Items which fans will be prohibited from bringing into the building include, but are not limited to, the following:
* Purses larger than a clutch bag, coolers, briefcases, backpacks, book bags, diaper bags, fanny packs, cinch bags, grocery & paper bags; duffle bags, computer bags or luggage of any kind.
* Aerosol cans (hairspray, mace, pepper spray, etc.)
* Animals (except service animals to aid guests with disabilities)
* Balloons (air or helium)
* Balls (beach balls, footballs, etc.)
* Banners or large flags
* Cameras with lenses longer than five inches or any detachable lens.
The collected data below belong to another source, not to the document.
Lemma powR_subr1 (w : R) : 0 < w -> w `^ (q - 1) = w `^ q / w.
Proof.
by move=> w0; rewrite powRB ?powRr1 ?ltW //; apply/implyP => _; rewrite gt_eqF.
Qed.

Lemma is_derive_powR_1B (w : R) : w < 1 ->
  is_derive w 1 (fun v : R => (1 - v) `^ q) (- (q * (1 - w) `^ q / (1 - w))).
Proof.
move=> w1; have w1' : 0 < 1 - w by lra.
have := @is_derive1_comp R (fun v => v `^ q) (fun u => 1 - u) w _ _
  (is_derive1_powR q w1') (is_derive_subl 1 w).
by rewrite powR_subr1 // mulrN1 mulrA.
Qed.

Lemma is_derive_oddsq (w : R) : 0 < w < 1 ->
  is_derive w 1 (oddsq q) (q * oddsq q w / (w * (1 - w))).
Proof.
move=> /andP [w0 w1]; have w1' : 0 < 1 - w by lra.
have F0 : (1 - w) `^ q != 0 by rewrite gt_eqF ?powR_gt0.
have D := is_deriveM (is_derive1_powR q w0)
  (@is_deriveV R (fun v => (1 - v) `^ q) w _ 1 F0 (is_derive_powR_1B w1)).
apply: (is_derive_eq D).
rewrite /oddsq powR_subr1 // /GRing.scale /= expr2.
by field; rewrite !gt_eqF ?powR_gt0.
Qed.

Lemma is_derive_pair_value (r x z t : R) : 0 < x + t < 1 -> 0 < z - t < 1 ->
  let S := r + oddsq q (x + t) + oddsq q (z - t) in
  is_derive t 1 (pair_value q r x z)
    (q * ((1 - (x + t)) `^ q * (1 - (z - t)) `^ q) *
       (partial_Pq q S (x + t) - partial_Pq q S (z - t))).
Proof.
move=> a01 b01 S; have /andP [a0 a1] := a01; have /andP [b0 b1] := b01.
have dFa := @is_derive1_comp R (fun v => (1 - v) `^ q) (fun u => x + u) t _ _
  (is_derive_powR_1B a1) (is_derive_addl x t).
have dFb := @is_derive1_comp R (fun v => (1 - v) `^ q) (fun u => z - u) t _ _
  (is_derive_powR_1B b1) (is_derive_subl z t).
have dha := @is_derive1_comp R (oddsq q) (fun u => x + u) t _ _
  (is_derive_oddsq a01) (is_derive_addl x t).
have dhb := @is_derive1_comp R (oddsq q) (fun u => z - u) t _ _
  (is_derive_oddsq b01) (is_derive_subl z t).
have D := is_deriveM (is_deriveM dFa dFb)
  (is_deriveD (is_deriveD (is_derive_cst r t 1) dha) dhb).
apply: (is_derive_eq D); rewrite /GRing.scale /= /partial_Pq /S.
have a1' : 0 < 1 - (x + t) by lra.
have b1' : 0 < 1 - (z - t) by lra.
by rewrite !fctE /=; field; rewrite !gt_eqF ?powR_gt0.
Qed.

Lemma partial_Pq_eq_of_max (r x z : R) :
  0 < q -> 0 < x -> 0 < z -> x + z <= 1 ->
  (forall t, - x < t < z -> pair_value q r x z t <= pair_value q r x z 0) ->
  let S := r + oddsq q x + oddsq q z in partial_Pq q S x = partial_Pq q S z.
Proof.
move=> q0 x0 z0 xz1 max0 S.
have inner t : - x < t < z -> 0 < x + t < 1 /\ 0 < z - t < 1.
  by move=> /andP [tx tz]; split; apply/andP; split; lra.
have max_at0 : is_derive (0 : R) 1 (pair_value q r x z) 0.
  apply: (@derive1_at_max _ _ (- x) z); first lra.
  - move=> t; rewrite in_itv /= => /inner [ht1 ht2].
    by have := is_derive_pair_value r ht1 ht2; case.
  - by rewrite in_itv /=; apply/andP; split; lra.
  - by move=> t; rewrite in_itv /=; apply: max0.
have [h01 h02] : 0 < x + 0 < 1 /\ 0 < z - 0 < 1 by apply: inner; apply/andP; split; lra.
have nz : q * ((1 - x) `^ q * (1 - z) `^ q) != 0.
  by rewrite !mulf_neq0 // gt_eqF // powR_gt0 //; lra.
case: (is_derive_pair_value r h01 h02) => _; case: max_at0 => _ ->.
rewrite addr0 subr0 -/S => /eqP; rewrite eq_sym mulf_eq0 (negbTE nz) /= subr_eq0.
by move/eqP.
Qed.

End Derivatives.

Section Maximizer.
Variables (R : realType) (k : nat) (q : R).
Implicit Types (y : 'I_k -> R).

Lemma Pq_fun_factor y : (forall l, y l < 1) ->
  Pq_fun q y = \prod_l (1 - y l) `^ q * \sum_l oddsq q (y l).
Proof.
move=> y_lt1; rewrite /Pq_fun mulr_sumr; apply: eq_bigr => l _.
rewrite [in RHS](bigD1 l) //= /oddsq.
have : 0 < (1 - y l) `^ q by apply: powR_gt0; have := y_lt1 l; lra.
by move=> F0; field; rewrite gt_eqF.
Qed.

Lemma Pq_fun_transfer y (i j : 'I_k) t : i != j ->
  (forall l, transfer y i j t l < 1) ->
  Pq_fun q (transfer y i j t) =
  \prod_(l | (l != i) && (l != j)) (1 - y l) `^ q *
  pair_value q (\sum_(l | (l != i) && (l != j)) oddsq q (y l)) (y i) (y j) t.
Proof.
move=> ij tr_lt1; rewrite Pq_fun_factor //.
rewrite (big_transfer y ij _ (fun w => (1 - w) `^ q)).
rewrite (big_transfer y ij _ (oddsq q)) /pair_value /=; ring.
Qed.

Lemma maximizer_partial_Pq_eq y (i j : 'I_k) : 0 < q -> i != j ->
  in_simplex y -> (forall l, 0 < y l) ->
  (forall y', in_simplex y' -> Pq_fun q y' <= Pq_fun q y) ->
  let S := \sum_l oddsq q (y l) in partial_Pq q S (y i) = partial_Pq q S (y j).
Proof.
move=> q0 ij y_simplex y_pos y_max S.
have ij1 := simplex_pair_le1 ij y_simplex.
have y_lt1 := simplex_lt1 ij y_simplex y_pos.
set C := \prod_(l | (l != i) && (l != j)) (1 - y l) `^ q.
set r := \sum_(l | (l != i) && (l != j)) oddsq q (y l).
have C0 : 0 < C by apply: prodr_gt0 => l _; apply: powR_gt0; have := y_lt1 l; lra.
have tr_lt1 t : - y i < t < y j -> forall l, transfer y i j t l < 1.
  move=> /andP [ti tj] l; rewrite /transfer.
  by case: ifP => _; [lra | case: ifP => _; [lra | exact: y_lt1]].
have -> : S = r + oddsq q (y i) + oddsq q (y j).
  by rewrite /S (bigD2 _ _ ij) /= addrC addrA.
apply: partial_Pq_eq_of_max => // t ht.
rewrite -(ler_pM2l C0) -Pq_fun_transfer //; last exact: tr_lt1 ht.
have ht0 : - y i < 0 < y j by have := y_pos i; have := y_pos j; lra.
rewrite -Pq_fun_transfer //; last exact: tr_lt1 ht0.
rewrite transfer0; apply: y_max; apply: simplex_transfer => //.
by move: ht => /andP [? ?]; apply/andP; split; lra.
Qed.

Lemma sum_weighted_partial_Pq y :
  (forall l, 0 < y l) -> (forall l, y l < 1) -> \sum_l y l = 1 ->
  let S := \sum_l oddsq q (y l) in
  \sum_l y l * (1 - y l) * partial_Pq q S (y l) = 0.
Proof.
move=> y_pos y_lt1 y_sum S.
under eq_bigr => l _.
  have y0 := y_pos l; have y1 : 0 < 1 - y l by have := y_lt1 l; lra.
  have -> : y l * (1 - y l) * partial_Pq q S (y l) = oddsq q (y l) - y l * S.
    by rewrite /partial_Pq; field; rewrite !gt_eqF.
  over.
by rewrite sumrB -mulr_suml y_sum mul1r subrr.
Qed.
Selfie Sticks also are prohibited.
* Chairs including folding chairs or stools
* Decals, stickers, confetti or glitter
* Drones and/or remote-controlled aircraft
* Electronic equipment including laptop computers, video recorders (hand-held video cameras are allowed), tripods and wearable video cameras including Go Pros.
* Food, beverages – including water – or liquids (cans, bottles, boxes, flasks, etc.)
* Illegal substances
* Knives, pocketknives, box cutters, scissors, etc.
* Laser pointers
* Marijuana including medically prescribed electronic accessories or paraphernalia associated with marijuana or illegal narcotics use.
* Markers (permanent) and/or paint
* Noisemaking devices (bells, horns, kazoos, whistles, etc.)
* Objects that can be used as missiles or projectiles (sticks, poles, bats, clubs, Frisbees, etc.)
* Strollers and infant car seats or carriers
* Umbrellas (large size)
* Wrapped gifts
The following items may be permitted after inspection:
* Bags that are clear plastic, vinyl or PVC and do not exceed 12 inches by 6 inches by 12 inches, or a one-gallon clear plastic freezer bag (Ziploc or similar). An exception will be made for medically necessary items after proper inspection at the Gate.
* Infant items in a clear bag (bottles and formula) only if accompanied by a child
* Binoculars and binoculars cases not exceeding 4½ inches by 6½ inches may be brought in via one of the clear plastic bag options.
* Cameras (lenses may not measure longer than five inches or be detachable, and no tripods or extension cords)
* Small radios (no larger than the size of a football and used with an earpiece)
* Small, compact umbrellas (must be placed securely under seat)
* Posters and signs without poles or sticks, or larger than what one person can hold.
* Tablets (iPads, Kindles, etc.)
* Seat cushions not exceeding 15 inches by 15 inches. Seat cushions also must not contain arm rests, zippers, pockets, flaps or metal backs.
The complete list of prohibited items can be found on the Detroit Lions website. Prohibited items that are discovered during security inspections at stadium entrances must be returned to the owner's vehicle or discarded. Items will not be held for later pickup.
Fans are reminded that all image taking (still and video) may be only for personal, non-commercial use.
The MHSAA is a private, not-for-profit corporation of voluntary membership by more than 1,500 public and private senior high schools and junior high/middle schools which exists to develop common rules for athletic eligibility and competition. No government funds or tax dollars support the MHSAA, which was the first such association nationally to not accept membership dues or tournament entry fees from schools. Member schools which enforce these rules are permitted to participate in MHSAA tournaments, which attract more than 1.4 million spectators each year.